Be willing to compromise and don’t fight every battle. The one exception is values. I’ve never compromised on values. That can be anything from staff behaviour to which clients you represent and what kind of matters you take on. There’s no margin for compromise there. On all the rest, you don’t have to win every battle. If you try your best and you sense too much resistance, then you stop. There’s no leadership without followers. You can have your vision, but if your partners don’t come along with you, you’re not a leader – you’re on your own.

I have mixed feelings about handing over the reins. I love this – but there’s a time to go. We have a constitutional limit of two terms in each role. You have to respect that. There’s a lot of talent in this organisation. We had a fantastic list of candidates – all very capable people, any of them would have been able to do it, and I’d have been happy with any of them. But I am especially proud of the diversity of our new leadership and that both firms are reflected in our senior-most leadership. That tells you a lot about my partners. It tells me that, in terms of cultural shift, we’ve achieved a lot. While progress is still not fast enough, you don’t change overnight.

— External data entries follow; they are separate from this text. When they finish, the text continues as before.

(* For every acute triangle $ABC$ in which $BC$ is strictly the shortest side ($a<b$ and $a<c$), the distances from vertex $A$ satisfy $$AX_3<AX_9<AX_{10}<AX_2<AX_1<AX_6<AX_4<AX_{19}<AX_{16}.$$ Equivalently, in the vertex order, $X_3\prec X_9\prec X_{10}\prec X_2\prec X_1\prec X_6\prec X_4\prec X_{19}\prec X_{16}$.
   Context: $X_n$ denotes the $n$-th triangle center listed in Kimberling's Encyclopedia of Triangle Centers (ETC), given by barycentric coordinates in terms of $a=BC$, $b=CA$, $c=AB$. The vertex order is defined by: $P\prec Q$ if $P$ is closer to $A$ than $Q$ in every acute triangle $ABC$ with shortest side $BC$ (i.e. $a<b$, $a<c$). *)

From mathcomp Require Import all_boot all_order all_algebra.
Set Implicit Arguments. Unset Strict Implicit. Unset Printing Implicit Defensive.
Import Order.TTheory GRing.Theory Num.Theory.
Local Open Scope ring_scope.

Section Triangle.
Variable R : rcfType.

Definition point := (R * R)%type.

Definition dist (P Q : point) : R :=
  Num.sqrt ((P.1 - Q.1) ^+ 2 + (P.2 - Q.2) ^+ 2).

Definition dotv (O P Q : point) : R :=
  (P.1 - O.1) * (Q.1 - O.1) + (P.2 - O.2) * (Q.2 - O.2).

Definition crossv (O P Q : point) : R :=
  (P.1 - O.1) * (Q.2 - O.2) - (P.2 - O.2) * (Q.1 - O.1).

Definition acute_triangle (A B C : point) : Prop :=
  [/\ crossv A B C != 0, 0 < dotv A B C, 0 < dotv B C A & 0 < dotv C A B].

(* Point with homogeneous barycentric coordinates f(a,b,c) : f(b,c,a) : f(c,a,b)
   (ETC convention), where a = BC, b = CA, c = AB. *)
Definition bary (f : R -> R -> R -> R) (A B C : point) : point :=
  let a := dist B C in let b := dist C A in let c := dist A B in
  let u := f a b c in let v := f b c a in let w := f c a b in
  let s := u + v + w in
  ((u * A.1 + v * B.1 + w * C.1) / s, (u * A.2 + v * B.2 + w * C.2) / s).

(* S = twice the area, from Heron's formula; SA = (b^2 + c^2 - a^2)/2 *)
Definition Sarea (a b c : R) : R :=
  Num.sqrt (2 * a^+2 * b^+2 + 2 * b^+2 * c^+2 + 2 * c^+2 * a^+2
            - a^+4 - b^+4 - c^+4) / 2.
Definition SA (a b c : R) : R := (b ^+ 2 + c ^+ 2 - a ^+ 2) / 2.

(* first barycentric coordinates (triangle center functions) from ETC *)
Definition X1 (a b c : R) : R := a.                                   (* incenter *)
Definition X2 (a b c : R) : R := 1.                                   (* centroid *)
Definition X3 (a b c : R) : R := a ^+ 2 * (b ^+ 2 + c ^+ 2 - a ^+ 2). (* circumcenter *)
Definition X4 (a b c : R) : R := (b ^+ 2 + c ^+ 2 - a ^+ 2)^-1.      (* orthocenter *)
Definition X6 (a b c : R) : R := a ^+ 2.                              (* symmedian point *)
Definition X9 (a b c : R) : R := a * (b + c - a).                     (* Mittenpunkt *)
Definition X10 (a b c : R) : R := b + c.                              (* Spieker center *)
Definition X16 (a b c : R) : R :=                                     (* 2nd isodynamic point *)
  a ^+ 2 * (Sarea a b c - Num.sqrt 3 * SA a b c).  (* ~ sin A sin(A - pi/3) *)
Definition X19 (a b c : R) : R := a / (b ^+ 2 + c ^+ 2 - a ^+ 2).    (* Clawson point *)

End Triangle.
(* Let $n\ge 1$ and let $G_0=\mathbb{Z}^n$ be the graph with vertex set $\mathbb{Z}^n$ and edges between $a,b\in\mathbb{Z}^n$ iff $\sum_{k=1}^n|a_k-b_k|=1$. Let $G_{l+1}$ be the clique graph of $G_l$ for $l\ge0$. Then $G_{l+2}\cong G_l$ for every $l\ge 0$; in particular $G_{2k}\cong \mathbb{Z}^n$ and $G_{2k+1}\cong G_1$ for all $k\ge 0$.
   Context: Graphs are simple and undirected. A clique is a maximal complete subgraph. The clique graph of a graph $H$ has as vertices the cliques of $H$, two distinct cliques being adjacent iff they share at least one vertex. $\cong$ denotes graph isomorphism (bijection on vertices preserving adjacency in both directions). *)

From mathcomp Require Import all_boot all_algebra.
Set Implicit Arguments. Unset Strict Implicit. Unset Printing Implicit Defensive.

Record graph := Graph { vtx : Type; adj : vtx -> vtx -> Prop }.

Definition complete (G : graph) (S : vtx G -> Prop) : Prop :=
  forall x y, S x -> S y -> x <> y -> adj x y.

Definition is_clique (G : graph) (S : vtx G -> Prop) : Prop :=
  complete S /\
  forall T : vtx G -> Prop, complete T -> (forall x, S x -> T x) ->
    forall x, T x -> S x.

Definition clique_graph (G : graph) : graph :=
  @Graph {S : vtx G -> Prop | is_clique S}
    (fun A B => proj1_sig A <> proj1_sig B /\
                exists v, proj1_sig A v /\ proj1_sig B v).

Fixpoint iter_clique (l : nat) (G : graph) : graph :=
  match l with 0 => G | l'.+1 => clique_graph (iter_clique l' G) end.

Definition isomorphic (G H : graph) : Prop :=
  exists f : vtx G -> vtx H, bijective f /\
    forall x y, adj x y <-> adj (f x) (f y).

Definition Zgrid (n : nat) : graph :=
  @Graph {ffun 'I_n -> int}
    (fun a b => (\sum_(k < n) absz (a k - b k)%R)%N = 1%N).

From mathcomp Require Import all_boot all_algebra.
From Stdlib Require Import Classical FunctionalExtensionality PropExtensionality ProofIrrelevance ClassicalEpsilon.
Set Implicit Arguments. Unset Strict Implicit. Unset Printing Implicit Defensive.

(* The grid Z^n is bipartite (by the parity of the coordinate sum), hence
   triangle-free, and every vertex has at least two neighbours.  In such a
   graph G the cliques are exactly the edges, so K(G) is the line graph of G,
   and a family of pairwise intersecting edges that do not all share a vertex
   would contain a triangle of G; hence the cliques of K(G) are exactly the
   stars "all edges through v".  Thus v |-> star v is an isomorphism
   G ~ K(K(G)), and since K respects isomorphism, K^(l+2)(G) ~ K^l(G). *)

Lemma pred_ext (T : Type) (P Q : T -> Prop) : (forall x, P x <-> Q x) -> P = Q.
Proof.
by move=> PQ; apply: functional_extensionality => x; apply: propositional_extensionality.
Qed.

Lemma sig_ext (T : Type) (P : T -> Prop) (A B : {x | P x}) :
  proj1_sig A = proj1_sig B -> A = B.
Proof.
case: A B => [a Pa] [b Pb] /= eab; subst b.
by rewrite (proof_irrelevance _ Pa Pb).
Qed.

Lemma inj_surj_bijective (A B : Type) (f : A -> B) :
  injective f -> (forall b, exists a, f a = b) -> bijective f.
Proof.
move=> f_inj f_surj.
pose g b := proj1_sig (constructive_indefinite_description _ (f_surj b)).
have gK : cancel g f.
  by move=> b; rewrite /g; case: constructive_indefinite_description.
by exists g => // a; apply: f_inj; rewrite gK.
Qed.

Lemma isomorphic_refl (G : graph) : isomorphic G G.
Proof. by exists id; split => //; exists id. Qed.

Lemma isomorphic_sym (G H : graph) : isomorphic G H -> isomorphic H G.
Proof.
move=> [f [[g fK gK] f_adj]]; exists g; split; first by exists f.
by move=> x y; rewrite f_adj !gK.
Qed.

Lemma isomorphic_trans (G H K : graph) :
  isomorphic G H -> isomorphic H K -> isomorphic G K.
Proof.
move=> [f [f_bij f_adj]] [h [h_bij h_adj]]; exists (h \o f); split.
  exact: bij_comp.
by move=> x y; rewrite f_adj h_adj.
Qed.

Lemma clique_inhabited (G : graph) (S : vtx G -> Prop) :
  inhabited (vtx G) -> is_clique S -> exists x, S x.
Proof.
move=> [v0] [_ maxS]; apply: NNPP => noS.
have Sv0 : S v0.
  apply: (maxS (eq^~ v0)) => //; first by move=> x y -> -> [].
  by move=> x Sx; case: noS; exists x.
by apply: noS; exists v0.
Qed.

Lemma is_clique_comp (G H : graph) (f : vtx G -> vtx H) (g : vtx H -> vtx G) :
  cancel f g -> cancel g f -> (forall x y, adj x y <-> adj (f x) (f y)) ->
  forall S : vtx H -> Prop, is_clique S -> is_clique (S \o f).
Proof.
move=> fK gK f_adj S [cS maxS]; split.
  move=> x y Sx Sy xy; apply/f_adj.
  by apply: cS => // /(can_inj fK).
move=> T cT ST x Tx; apply: (maxS (T \o g)); last by rewrite /= fK.
- move=> y1 y2 Ty1 Ty2 y12; rewrite -[y1]gK -[y2]gK -f_adj.
  by apply: cT => // /(can_inj gK).
- by move=> y Sy; apply: ST; rewrite /= gK.
Qed.

Lemma isomorphic_clique_graph (G H : graph) :
  isomorphic G H -> isomorphic (clique_graph G) (clique_graph H).
Proof.
move=> [f [[g fK gK] f_adj]].
have g_adj x y : adj x y <-> adj (g x) (g y) by rewrite f_adj !gK.
pose F (C : vtx (clique_graph G)) : vtx (clique_graph H) :=
  exist _ _ (is_clique_comp gK fK g_adj (proj2_sig C)).
pose F' (C : vtx (clique_graph H)) : vtx (clique_graph G) :=
  exist _ _ (is_clique_comp fK gK f_adj (proj2_sig C)).
exists F; split.
  by exists F' => C; apply: sig_ext; apply: functional_extensionality => x /=;
    rewrite ?fK ?gK.
move=> C D; split.
- move=> [CD [v [Cv Dv]]]; split; last by exists (f v); rewrite /= !fK.
  move=> eCD; apply: CD; apply: functional_extensionality => x.
  by move: eCD => /(congr1 (fun P => P (f x))) /=; rewrite !fK.
- move=> [CD [y [Cy Dy]]]; split; last by exists (g y).
  by move=> eCD; apply: CD; rewrite /= eCD.
Qed.

Section CliqueGraphOfTriangleFree.

Variable G : graph.
Hypothesis adj_sym : forall x y : vtx G, adj x y -> adj y x.
Hypothesis adj_irrefl : forall x : vtx G, ~ adj x x.
Hypothesis triangle_free : forall x y z : vtx G, adj x y -> adj y z -> adj x z -> False.
Hypothesis two_neighbours : forall v : vtx G, exists a b, a <> b /\ adj v a /\ adj v b.
Hypothesis vtx_inhabited : inhabited (vtx G).

Definition doubleton (u w : vtx G) : vtx G -> Prop := fun x => x = u \/ x = w.

Lemma doubleton_complete u w : adj u w -> complete (doubleton u w).
Proof.
move=> uw x y [->|->] [->|->] xy //; by [apply: adj_sym | case: (xy erefl)].
Qed.

Lemma doubleton_clique u w : adj u w -> is_clique (doubleton u w).
Proof.
move=> uw; split; first exact: doubleton_complete.
move=> T cT sub x Tx; apply: NNPP => /not_or_and [xu xw].
have Tu : T u by apply: sub; left.
have Tw : T w by apply: sub; right.
exact: triangle_free uw (cT _ _ Tw Tx (nesym xw)) (cT _ _ Tu Tx (nesym xu)).
Qed.

Lemma clique_doubleton C : is_clique C -> exists u w, adj u w /\ C = doubleton u w.
Proof.
move=> cliqueC; have [u Cu] := clique_inhabited vtx_inhabited cliqueC.
case: cliqueC => cC maxC.
have [w [Cw wu]] : exists w, C w /\ w <> u.
  apply: NNPP => only_u.
  have [a [_ [_ [ua _]]]] := two_neighbours u.
  apply: (only_u); exists a; split; last by move=> au; rewrite au in ua; apply: adj_irrefl ua.
  apply: (maxC (doubleton u a)); [exact: doubleton_complete | | by right].
  by move=> x Cx; left; apply: NNPP => xu; apply: only_u; exists x.
have uw : adj u w by apply: cC => //; apply: nesym.
exists u, w; split => //; apply: pred_ext => x; split; last by case=> ->.
move=> Cx; apply: NNPP => /not_or_and [xu xw].
exact: triangle_free uw (cC _ _ Cw Cx (nesym xw)) (cC _ _ Cu Cx (nesym xu)).
Qed.

Definition edge_vtx u w (uw : adj u w) : vtx (clique_graph G) :=
  exist _ _ (doubleton_clique uw).

Definition star (v : vtx G) : vtx (clique_graph G) -> Prop := fun C => proj1_sig C v.

Lemma star_clique v : is_clique (star v).
Proof.
split.
  move=> C D Cv Dv CD; split; last by exists v.
  by move=> eCD; apply: CD; apply: sig_ext.
move=> T cT sub X TX; apply: NNPP => Xv.
have [a [b [ab [va vb]]]] := two_neighbours v.
(* X meets every edge at v, but not in v, so it contains both a and b. *)
have X_end u (vu : adj v u) : proj1_sig X u.
  have TE : T (edge_vtx vu) by apply: sub; left.
  have XE : X <> edge_vtx vu by move=> eX; apply: Xv; rewrite /star eX; left.
  have [_ [y [Xy [eyv|eyu]]]] := cT _ _ TX TE XE.
    by case: Xv; rewrite -eyv.
  by rewrite -eyu.
exact: triangle_free va (proj1 (proj2_sig X) a b (X_end a va) (X_end b vb) ab) vb.
Qed.

Lemma star_inj : injective star.
Proof.
move=> v w evw; have [a [b [ab [va vb]]]] := two_neighbours v.
have : star w (edge_vtx va) by rewrite -evw; left.
have : star w (edge_vtx vb) by rewrite -evw; left.
by case=> [->|wb] // [->|wa] //; case: ab; rewrite -wa -wb.
Qed.

Lemma complete_common_vertex (Q : vtx (clique_graph G) -> Prop) C :
  complete Q -> Q C -> exists v, forall D, Q D -> proj1_sig D v.
Proof.
move=> cQ QC; have [u [w [uw eC]]] := clique_doubleton (proj2_sig C).
have meets_C D : Q D -> proj1_sig D u \/ proj1_sig D w.
  move=> QD; case: (classic (D = C)) => [->|DC]; first by rewrite eC; left; left.
  have [_ [y [Dy Cy]]] := cQ _ _ QD QC DC.
  by rewrite eC in Cy; case: Cy => <-; [left | right].
case: (classic (forall D, Q D -> proj1_sig D u)) => [all_u|not_all_u].
  by exists u.
(* If D misses u and E misses w, then w in D, u in E and D, E meet in z: uwz is a triangle. *)
exists w => E QE; apply: NNPP => Ew; apply: not_all_u => D QD; apply: NNPP => Du.
have Dw : proj1_sig D w by case: (meets_C D QD).
have Eu : proj1_sig E u by case: (meets_C E QE).
have DE : D <> E by move=> eDE; apply: Ew; rewrite -eDE.
have [_ [z [Dz Ez]]] := cQ _ _ QD QE DE.
apply: (@triangle_free u w z uw).
- by apply: (proj1 (proj2_sig D)) => // wz; apply: Ew; rewrite wz.
- by apply: (proj1 (proj2_sig E)) => // uz; apply: Du; rewrite uz.
Qed.

Lemma clique_star Q : is_clique Q -> exists v, Q = star v.
Proof.
move=> cliqueQ.
have inh : inhabited (vtx (clique_graph G)).
  case: vtx_inhabited => v0; have [a [_ [_ [v0a _]]]] := two_neighbours v0.
  exact: inhabits (edge_vtx v0a).
have [C QC] := clique_inhabited inh cliqueQ.
case: cliqueQ => cQ maxQ; have [v Qv] := complete_common_vertex cQ QC.
exists v; apply: pred_ext => D; split; first exact: Qv.
exact: maxQ (star v) (proj1 (star_clique v)) Qv D.
Qed.

Theorem isomorphic_clique_graph2 : isomorphic G (clique_graph (clique_graph G)).
Proof.
pose f v : vtx (clique_graph (clique_graph G)) := exist _ (star v) (star_clique v).
exists f; split.
  apply: inj_surj_bijective.
    by move=> v w /(congr1 (@proj1_sig _ _)) /star_inj.
  move=> Q; have [v eQ] := clique_star (proj2_sig Q).
  by exists v; apply: sig_ext; rewrite eQ.
move=> v w; split.
- move=> vw; split; last by exists (edge_vtx vw); split; [left | right].
  by move=> /star_inj evw; rewrite evw in vw; apply: adj_irrefl vw.
- move=> [vw [C [Cv Cw]]]; apply: (proj1 (proj2_sig C)) => // evw.
  by apply: vw; rewrite evw.
Qed.

Lemma iter_clique_period2 l : isomorphic (iter_clique l.+2 G) (iter_clique l G).
Proof.
elim: l => [|l IH]; first exact: isomorphic_sym isomorphic_clique_graph2.
exact: isomorphic_clique_graph IH.
Qed.

Lemma iter_clique_double_add k l :
  isomorphic (iter_clique (2 * k + l) G) (iter_clique l G).
Proof.
elim: k => [|k IH]; first exact: isomorphic_refl.
by rewrite mulnS -addnA; apply: isomorphic_trans (iter_clique_period2 _) IH.
Qed.

End CliqueGraphOfTriangleFree.

Section Grid.
Import GRing.Theory.
Local Open Scope ring_scope.

Variable n : nat.

Lemma intr_F2_absz (z : int) : z%:~R = (absz z)%:R :> 'F_2.
Proof.
case: z => m //; rewrite NegzE mulrNz abszN.
exact: GRing.oppr_pchar2 (pchar_Fp (isT : prime 2)) _.
Qed.

Definition parity (a : {ffun 'I_n -> int}) : 'F_2 := \sum_(k < n) (a k)%:~R.

Lemma Zgrid_adj_parity (a b : vtx (Zgrid n)) : adj a b -> parity a = parity b + 1.
Proof.
move=> /= ab; apply/eqP; rewrite -subr_eq0 opprD addrA /parity -sumrB.
rewrite (eq_bigr (fun k => (absz (a k - b k))%:R)); last first.
  by move=> k _; rewrite -intr_F2_absz intrB.
by rewrite -natr_sum ab subrr.
Qed.

Lemma Zgrid_adj_sym (a b : vtx (Zgrid n)) : adj a b -> adj b a.
Proof. by move=> /= <-; apply: eq_bigr => k _; rewrite -abszN opprB. Qed.

Lemma Zgrid_adj_irrefl (a : vtx (Zgrid n)) : ~ adj a a.
Proof. by rewrite /= big1 // => k _; rewrite subrr. Qed.

Lemma Zgrid_triangle_free (a b c : vtx (Zgrid n)) : adj a b -> adj b c -> adj a c -> False.
Proof.
move=> /Zgrid_adj_parity ab /Zgrid_adj_parity bc /Zgrid_adj_parity ac.
have : 1 + 1 = 0 :> 'F_2 by apply/eqP.
by move: ac; rewrite ab bc -addrA => /addrI ->.
Qed.

Definition grid_step (a : {ffun 'I_n -> int}) (i : 'I_n) (e : int) : {ffun 'I_n -> int} :=
  [ffun k => a k + (k == i)%:R * e].

Lemma Zgrid_adj_step (a : vtx (Zgrid n)) i e : absz e = 1%N -> adj a (grid_step a i e).
Proof.
move=> e1 /=; rewrite (bigD1 i) //= big1 => [|k /negbTE ki].
  by rewrite ffunE eqxx mul1r opprD addrA subrr add0r abszN e1.
by rewrite ffunE ki mul0r addr0 subrr.
Qed.

Lemma Zgrid_two_neighbours : (1 <= n)%N ->
  forall a : vtx (Zgrid n), exists b c, b <> c /\ adj a b /\ adj a c.
Proof.
move=> n_gt0 a; pose i : 'I_n := Ordinal n_gt0.
exists (grid_step a i 1), (grid_step a i (-1)).
split; last by split; apply: Zgrid_adj_step.
by move=> /(congr1 (fun b : {ffun 'I_n -> int} => b i)); rewrite !ffunE eqxx !mul1r => /addrI.
Qed.

End Grid.

Theorem mainTheorem7 (n : nat) (hn : (1 <= n)%N) :
  (forall l : nat, isomorphic (iter_clique l.+2 (Zgrid n)) (iter_clique l (Zgrid n))) /\
  (forall k : nat, isomorphic (iter_clique (2 * k) (Zgrid n)) (Zgrid n)) /\
  (forall k : nat, isomorphic (iter_clique (2 * k).+1 (Zgrid n)) (iter_clique 1 (Zgrid n))).
Proof.
have inh : inhabited (vtx (Zgrid n)) by exact: inhabits [ffun => 0%R].
have period := iter_clique_double_add (@Zgrid_adj_sym n) (@Zgrid_adj_irrefl n)
  (@Zgrid_triangle_free n) (Zgrid_two_neighbours hn) inh.
split; first exact: period 1.
split => k.
- by rewrite -[2 * k]addn0; apply: period.
- by rewrite -[(2 * k).+1]addn1; apply: period.
Qed.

They have my number if they need me – but I don’t think they will. I’m going to take the summer off. Then my current thinking is that I’m going to take another normal full-time role. But maybe I’ll change my mind. The other option is a portfolio of directorships and advisory roles, but right now I feel I’d want to do another five to seven years of something substantial. Of course, that’s what I say now – but it’s probably wise to take a couple of months off and see if I feel the same way after a bit of reflection, a bit of time not being on the emails and the messages and the phones all the time. I’ve already had an approach to run another law firm. I’m not going to do that.

I really love my food and my wine. That’s one of the reasons I try to exercise as much as possible – I need to get rid of the weight! I eat and drink with my family a lot. We don’t have a wine cellar because we drink it too quickly. I have five sons, and they and all their girlfriends lived with me during the pandemic. It was a bit cramped and at one point I had to go and buy some additional desks, because we were all on our laptops at the dining table. Each time we had to eat, we’d have to move everything off. That was a fun period.

One thing people ask is, ‘Are you going to do a big trip on your time off?’ The one thing I’m going to do is not get on any planes! I’ve had enough of that over the decades.

Wim Dejonghe is outgoing senior partner at Allen & Overy.